Tuesday, January 25, 2011

The Best Fictional Vacation Spots

There are times when life gets hard, and you just need to get away for a time. While most people head off to Hawaii or their grandmother's house, I sometimes wish I could go to somewhere a bit different. So, without further ado....

*trumpets sound*

-Ashley's List of Best Fictional Vacation Spots-


Hogwarts: Though it's a bit drafty, it comes with an endless feast at your arrival, a free cloak, and a whole bunch of Hufflepuffs to play pranks on and scoff at to your heart's content. (Bonus: That dude who plays Edward Cullen is in there, so you can FINALLY drop-kick him down the stairs or give him a swirly. Whichever you prefer.) The room-service is also fantastic: little house-elves will bring you whatever you want and will clean your room, all while singing a happy little working song.

Jurassic Park
: Nothing like being in a tropical location, traipsing through a jungle full of exotic wildlife. And of course by "wildlife", I mean "extremely cranky and bloodthirsty dinosaurs". Sure, it's dangerous, but that's part of the charm. Pack plenty of sunscreen, a granola bar or two, and something to beat up those pesky raptors. BTW: How awesome was the pterodactyl scene in Jurassic Park 3? The answer: Extremely.

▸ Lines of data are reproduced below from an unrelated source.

Lemma lspan_mulx1 d s : lspan (fun i j => i + j < d)%N s ->
  lspan (fun i j => i + j < d.+1)%N (x1 * s).
Proof.
apply: sums_morph => [|u v|_ [c [a [b [Rc ab ->]]]]]; [exact: mulr0 | exact: mulrDr |].
have [Rs Rd _] := Hsd ord0 Rc.
rewrite mulx1_term //; apply: sumsD; apply: sums1.
  by exists (s0 c), a.+1, b; rewrite addSn ltnS.
by exists (d0 c), a, b; rewrite ltnS ltnW.
Qed.

Lemma lspan_mulx2 n s : lspan (fun i j => (i == 0) && (j < n))%N s ->
  lspan (fun i j => (i == 0) && (j < n.+1))%N (x2 * s).
Proof.
apply: sums_morph => [|u v|_ [c [a [b [Rc /andP [/eqP -> bn] ->]]]]].
- exact: mulr0.
- exact: mulrDr.
have [Rs Rd _] := Hsd ord_max Rc.
rewrite mulx2_term //; apply: sumsD; apply: sums1.
  by exists (s1 c), 0%N, b.+1.
by exists (d1 c), 0%N, b; rewrite ltnS ltnW.
Qed.

Lemma x1X_lspan a d s : lspan (fun i j => i + j < d)%N s ->
  lspan (fun i j => i + j < a + d)%N (x1 ^+ a * s).
Proof.
move=> Ls; elim: a => [|a IH]; first by rewrite expr0 mul1r.
by rewrite exprS -mulrA addSn; apply: lspan_mulx1.
Qed.

Lemma x2X_mul n r : R r ->
  lspan (fun i j => (i == 0) && (j < n))%N (x2 ^+ n * r - iter n s1 r * mono 0 n).
Proof.
move=> Rr; elim: n => [|n IH].
  by rewrite expr0 mul1r (mono00 x1 x2) mulr1 subrr; exact: sums0.
have Rc := iter_sigma_R ord_max n Rr; have [_ Rd _] := Hsd ord_max Rc.
have -> : x2 ^+ n.+1 * r - iter n.+1 s1 r * mono 0 n.+1 =
    x2 * (x2 ^+ n * r - iter n s1 r * mono 0 n) + d1 (iter n s1 r) * mono 0 n.
  by rewrite mulrBr mulx2_term // exprS -mulrA opprD addrA subrK.
apply: sumsD; first exact: lspan_mulx2.
by apply: sums1; exists (d1 (iter n s1 r)), 0%N, n; rewrite eqxx ltnSn.
Qed.

Lemma x1X_mul c a b : R c ->
  lspan (fun i j => i + j < a + b)%N (x1 ^+ a * (c * mono 0 b) - iter a s0 c * mono a b).
Proof.
move=> Rc; elim: a => [|a IH]; first by rewrite expr0 mul1r subrr; exact: sums0.
have Ra := iter_sigma_R ord0 a Rc; have [_ Rd _] := Hsd ord0 Ra.
have -> : x1 ^+ a.+1 * (c * mono 0 b) - iter a.+1 s0 c * mono a.+1 b =
    x1 * (x1 ^+ a * (c * mono 0 b) - iter a s0 c * mono a b) + d0 (iter a s0 c) * mono a b.
  by rewrite mulrBr mulx1_term // exprS -mulrA opprD addrA subrK.
rewrite addSn; apply: sumsD; first exact: lspan_mulx1.
by apply: sums1; exists (d0 (iter a s0 c)), a, b; rewrite ltnSn.
Qed.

Narnia: I shouldn't even have to explain this one, so I'll spend little time on it. Narnia is the coolest place I've ever heard of. Frolicking around with big gentle lions and badgers? Bliss. Also, Peter and Prince Caspian are extremely attractive. The only tricky thing about it is you have to find the right closet to get in. Happy hunting!

100 Acre Wood: Where Christopher Robin plays. (Note: This is the forest from either the book or the original movie of Winnie the Pooh...not from the sequels or crappy W.t.P. tv shows.) It's full of happy, giggling, innocent little animals that you can easily subject to your will and then become their king. Plus, I hear the honey there is to die for.

Middle Earth: You'll want to spend most of your time at the Shire here. The elves in Rivendell are snobbish, and the orcs over in Mordor won't exactly leave little chocolates on your pillow. The home of the hobbits, however, is full of little (and I mean LITTLE) people with furry feet who enjoy dance parties and ale. Can't go wrong there.

Mushroom Kingdom: Don't even try to tell me you haven't wanted to go here once in your lifetime. First of all, there are gold coins everywhere that you just have to run around and grab. You can collect thousands of dollars with every step you take! This is a wonderful place to just run amok; stomping on turtles and saving princesses.